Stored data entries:
= = = = =

(* Let $a>0$ and $0\le r_0<a$, and consider, in polar coordinates $(r,\theta)$ about a pole $O$, the circle of radius $a$ whose centre $C$ has polar coordinates $(r_0,\theta_0)$, so that the ray from $O$ in direction $\theta$ meets the circle at distance $$r(\theta)=r_0\cos(\theta-\theta_0)+\sqrt{a^2-r_0^2\sin^2(\theta-\theta_0)} .$$ Let $\theta_1<\theta_2<\theta_3<\theta_4<\theta_1+\pi$, set $\theta_{i+4}=\theta_i+\pi$ for $i=1,2,3,4$ and $\theta_9=\theta_1+2\pi$, and for $1\le i\le 8$ let $S_i=\frac12\int_{\theta_i}^{\theta_{i+1}} r(\theta)^2\,d\theta$ (the area of the $i$-th of the eight sectors cut from the disc by the four lines through $O$ in directions $\theta_1,\dots,\theta_4$). Suppose that $$(\theta_2-\theta_1)+(\theta_4-\theta_3)=\frac{\pi}{2}$$ and $$\sin 2(\theta_4-\theta_0)+\sin 2(\theta_2-\theta_0)=\sin 2(\theta_3-\theta_0)+\sin 2(\theta_1-\theta_0).$$ Then $$S_1+S_3+S_5+S_7=\frac{\pi}{2}a^2=S_2+S_4+S_6+S_8 .$$
   Context: Polar coordinates are taken about the pole $O$; the point with polar coordinates $(r,\theta)$ is $O+r(\cos\theta,\sin\theta)$. The sector $S_i$ is the region $\{O+\rho(\cos\theta,\sin\theta):\ \theta_i\le\theta\le\theta_{i+1},\ 0\le\rho\le r(\theta)\}$. *)

From Stdlib Require Import Reals.
From Coquelicot Require Import Coquelicot.
Open Scope R_scope.

Definition rpol (a r0 th0 th : R) : R :=
  r0 * cos (th - th0) + sqrt (a ^ 2 - r0 ^ 2 * sin (th - th0) ^ 2).

Definition sector (a r0 th0 u v : R) : R :=
  / 2 * RInt (fun t => (rpol a r0 th0 t) ^ 2) u v.

(* The two intersections of the line through O in direction t with the circle
   lie at signed distances r(t) and -r(t + PI), the roots of
   x^2 - 2 r0 cos(t - th0) x - (a^2 - r0^2) = 0, so
   r(t)^2 + r(t + PI)^2 = 2 a^2 + 2 r0^2 cos (2 (t - th0)).
   Integrating, a sector and its opposite sector together have area
   a^2 (v - u) + r0^2/2 (sin 2(v - th0) - sin 2(u - th0)).  The angle condition
   makes the a^2-terms of S1 + S5 + S3 + S7 add up to a^2 PI/2 and the sine
   condition makes the r0^2-terms cancel; the same happens for the even sectors. *)
From Stdlib Require Import Reals Lra Psatz.
From Coquelicot Require Import Coquelicot.
Open Scope R_scope.

Lemma is_RInt_shift {V : NormedModule R_AbsRing} (f : R -> V) (c u v : R) (l : V) :
  is_RInt f (u + c) (v + c) l -> is_RInt (fun t => f (t + c)) u v l.
Proof.
  intros Hf.
  rewrite <- (Rmult_1_l u), <- (Rmult_1_l v) in Hf.
  apply (is_RInt_ext (fun t => scal 1 (f (1 * t + c)))).
  - intros t _. rewrite Rmult_1_l. exact (scal_one _).
  - now apply is_RInt_comp_lin.
Qed.

Section OppositeSectors.

Variables a r0 th0 : R.
Hypothesis r0_ge0 : 0 <= r0.
Hypothesis r0_lt_a : r0 < a.

Let rsq (t : R) : R := rpol a r0 th0 t ^ 2.

Lemma radicand_pos x : 0 < a ^ 2 - r0 ^ 2 * sin x ^ 2.
Proof.
  pose proof (sin2_cos2 x) as Hsc. unfold Rsqr in Hsc.
  assert (0 <= r0 ^ 2 * (1 - sin x ^ 2)) by (apply Rmult_le_pos; nra).
  nra.
Qed.

Lemma ex_RInt_rpol_sq u v : ex_RInt rsq u v.
Proof.
  apply (ex_RInt_continuous (V := R_CompleteNormedModule)). intros t _.
  apply (ex_derive_continuous (K := R_AbsRing) (V := R_NormedModule)).
  unfold rsq, rpol. auto_derive.
  replace (t + - th0) with (t - th0) by ring.
  pose proof (radicand_pos (t - th0)). simpl in *. lra.
Qed.

Lemma rpol_sq_add_antipodal t :
  rsq t + rsq (t + PI) = 2 * (a ^ 2 + r0 ^ 2 * cos (2 * (t - th0))).
Proof.
  unfold rsq, rpol.
  replace (t + PI - th0) with ((t - th0) + PI) by ring.
  rewrite neg_cos, neg_sin, cos_2a.
  set (x := t - th0).
  replace ((- sin x) ^ 2) with (sin x ^ 2) by ring.
  pose proof (sqrt_sqrt _ (Rlt_le _ _ (radicand_pos x))) as Hsqrt.
  pose proof (sin2_cos2 x) as Hsc. unfold Rsqr in Hsc.
  set (D := sqrt (a ^ 2 - r0 ^ 2 * sin x ^ 2)) in *.
  nra.
Qed.

Lemma sector_add_antipodal u v :
  sector a r0 th0 u v + sector a r0 th0 (u + PI) (v + PI)
  = a ^ 2 * (v - u) + r0 ^ 2 / 2 * (sin (2 * (v - th0)) - sin (2 * (u - th0))).
Proof.
  set (F t := 2 * a ^ 2 * t + r0 ^ 2 * sin (2 * (t - th0))).
  set (g t := 2 * (a ^ 2 + r0 ^ 2 * cos (2 * (t - th0)))).
  assert (Hpair : is_RInt g u v
            (RInt rsq u v + RInt rsq (u + PI) (v + PI))).
  { apply (is_RInt_ext (fun t => plus (rsq t) (rsq (t + PI)))).
    - intros t _. apply rpol_sq_add_antipodal.
    - apply (is_RInt_plus (V := R_NormedModule)).
      + apply (RInt_correct (V := R_CompleteNormedModule)), ex_RInt_rpol_sq.
      + apply is_RInt_shift.
        apply (RInt_correct (V := R_CompleteNormedModule)), ex_RInt_rpol_sq. }
  assert (Hftc : is_RInt g u v (minus (F v) (F u))).
  { apply (is_RInt_derive (V := R_CompleteNormedModule) F).
    - intros t _. unfold F, g. auto_derive; [easy|].
      replace (t + - th0) with (t - th0) by ring. ring.
    - intros t _. apply (ex_derive_continuous (K := R_AbsRing) (V := R_NormedModule)).
      unfold g. auto_derive. easy. }
  pose proof (is_RInt_unique _ _ _ _ Hpair) as E1.
  pose proof (is_RInt_unique _ _ _ _ Hftc) as E2.
  unfold sector. fold rsq.
  unfold minus, plus, opp, F in E2; simpl in E2.
  lra.
Qed.

End OppositeSectors.

Theorem mainTheorem2 (a r0 th0 th1 th2 th3 th4 : R) :
  0 < a -> 0 <= r0 -> r0 < a ->
  th1 < th2 -> th2 < th3 -> th3 < th4 -> th4 < th1 + PI ->
  (th2 - th1) + (th4 - th3) = PI / 2 ->
  sin (2 * (th4 - th0)) + sin (2 * (th2 - th0))
    = sin (2 * (th3 - th0)) + sin (2 * (th1 - th0)) ->
  sector a r0 th0 th1 th2 + sector a r0 th0 th3 th4
    + sector a r0 th0 (th1 + PI) (th2 + PI) + sector a r0 th0 (th3 + PI) (th4 + PI)
    = PI / 2 * a ^ 2 /\
  PI / 2 * a ^ 2
    = sector a r0 th0 th2 th3 + sector a r0 th0 th4 (th1 + PI)
      + sector a r0 th0 (th2 + PI) (th3 + PI) + sector a r0 th0 (th4 + PI) (th1 + 2 * PI).
Proof.
  intros _ r0_ge0 r0_lt_a _ _ _ _ Hangle Hsin.
  pose proof (sector_add_antipodal a r0 th0 r0_ge0 r0_lt_a th1 th2) as S12.
  pose proof (sector_add_antipodal a r0 th0 r0_ge0 r0_lt_a th3 th4) as S34.
  pose proof (sector_add_antipodal a r0 th0 r0_ge0 r0_lt_a th2 th3) as S23.
  pose proof (sector_add_antipodal a r0 th0 r0_ge0 r0_lt_a th4 (th1 + PI)) as S41.
  replace (th1 + 2 * PI) with (th1 + PI + PI) by ring.
  replace (2 * (th1 + PI - th0)) with (2 * (th1 - th0) + 2 * PI) in S41 by ring.
  rewrite sin_plus, sin_2PI, cos_2PI in S41.
  split; nra.
Qed.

= = = = =

Give an exact copy of the lines above, from the top of the records to the line that contains "makes the a^2-terms", taking in both ends.

■ EXPECTED ANSWER ■
(* Let $a>0$ and $0\le r_0<a$, and consider, in polar coordinates $(r,\theta)$ about a pole $O$, the circle of radius $a$ whose centre $C$ has polar coordinates $(r_0,\theta_0)$, so that the ray from $O$ in direction $\theta$ meets the circle at distance $$r(\theta)=r_0\cos(\theta-\theta_0)+\sqrt{a^2-r_0^2\sin^2(\theta-\theta_0)} .$$ Let $\theta_1<\theta_2<\theta_3<\theta_4<\theta_1+\pi$, set $\theta_{i+4}=\theta_i+\pi$ for $i=1,2,3,4$ and $\theta_9=\theta_1+2\pi$, and for $1\le i\le 8$ let $S_i=\frac12\int_{\theta_i}^{\theta_{i+1}} r(\theta)^2\,d\theta$ (the area of the $i$-th of the eight sectors cut from the disc by the four lines through $O$ in directions $\theta_1,\dots,\theta_4$). Suppose that $$(\theta_2-\theta_1)+(\theta_4-\theta_3)=\frac{\pi}{2}$$ and $$\sin 2(\theta_4-\theta_0)+\sin 2(\theta_2-\theta_0)=\sin 2(\theta_3-\theta_0)+\sin 2(\theta_1-\theta_0).$$ Then $$S_1+S_3+S_5+S_7=\frac{\pi}{2}a^2=S_2+S_4+S_6+S_8 .$$
   Context: Polar coordinates are taken about the pole $O$; the point with polar coordinates $(r,\theta)$ is $O+r(\cos\theta,\sin\theta)$. The sector $S_i$ is the region $\{O+\rho(\cos\theta,\sin\theta):\ \theta_i\le\theta\le\theta_{i+1},\ 0\le\rho\le r(\theta)\}$. *)

From Stdlib Require Import Reals.
From Coquelicot Require Import Coquelicot.
Open Scope R_scope.

Definition rpol (a r0 th0 th : R) : R :=
  r0 * cos (th - th0) + sqrt (a ^ 2 - r0 ^ 2 * sin (th - th0) ^ 2).

Definition sector (a r0 th0 u v : R) : R :=
  / 2 * RInt (fun t => (rpol a r0 th0 t) ^ 2) u v.

(* The two intersections of the line through O in direction t with the circle
   lie at signed distances r(t) and -r(t + PI), the roots of
   x^2 - 2 r0 cos(t - th0) x - (a^2 - r0^2) = 0, so
   r(t)^2 + r(t + PI)^2 = 2 a^2 + 2 r0^2 cos (2 (t - th0)).
   Integrating, a sector and its opposite sector together have area
   a^2 (v - u) + r0^2/2 (sin 2(v - th0) - sin 2(u - th0)).  The angle condition
   makes the a^2-terms of S1 + S5 + S3 + S7 add up to a^2 PI/2 and the sine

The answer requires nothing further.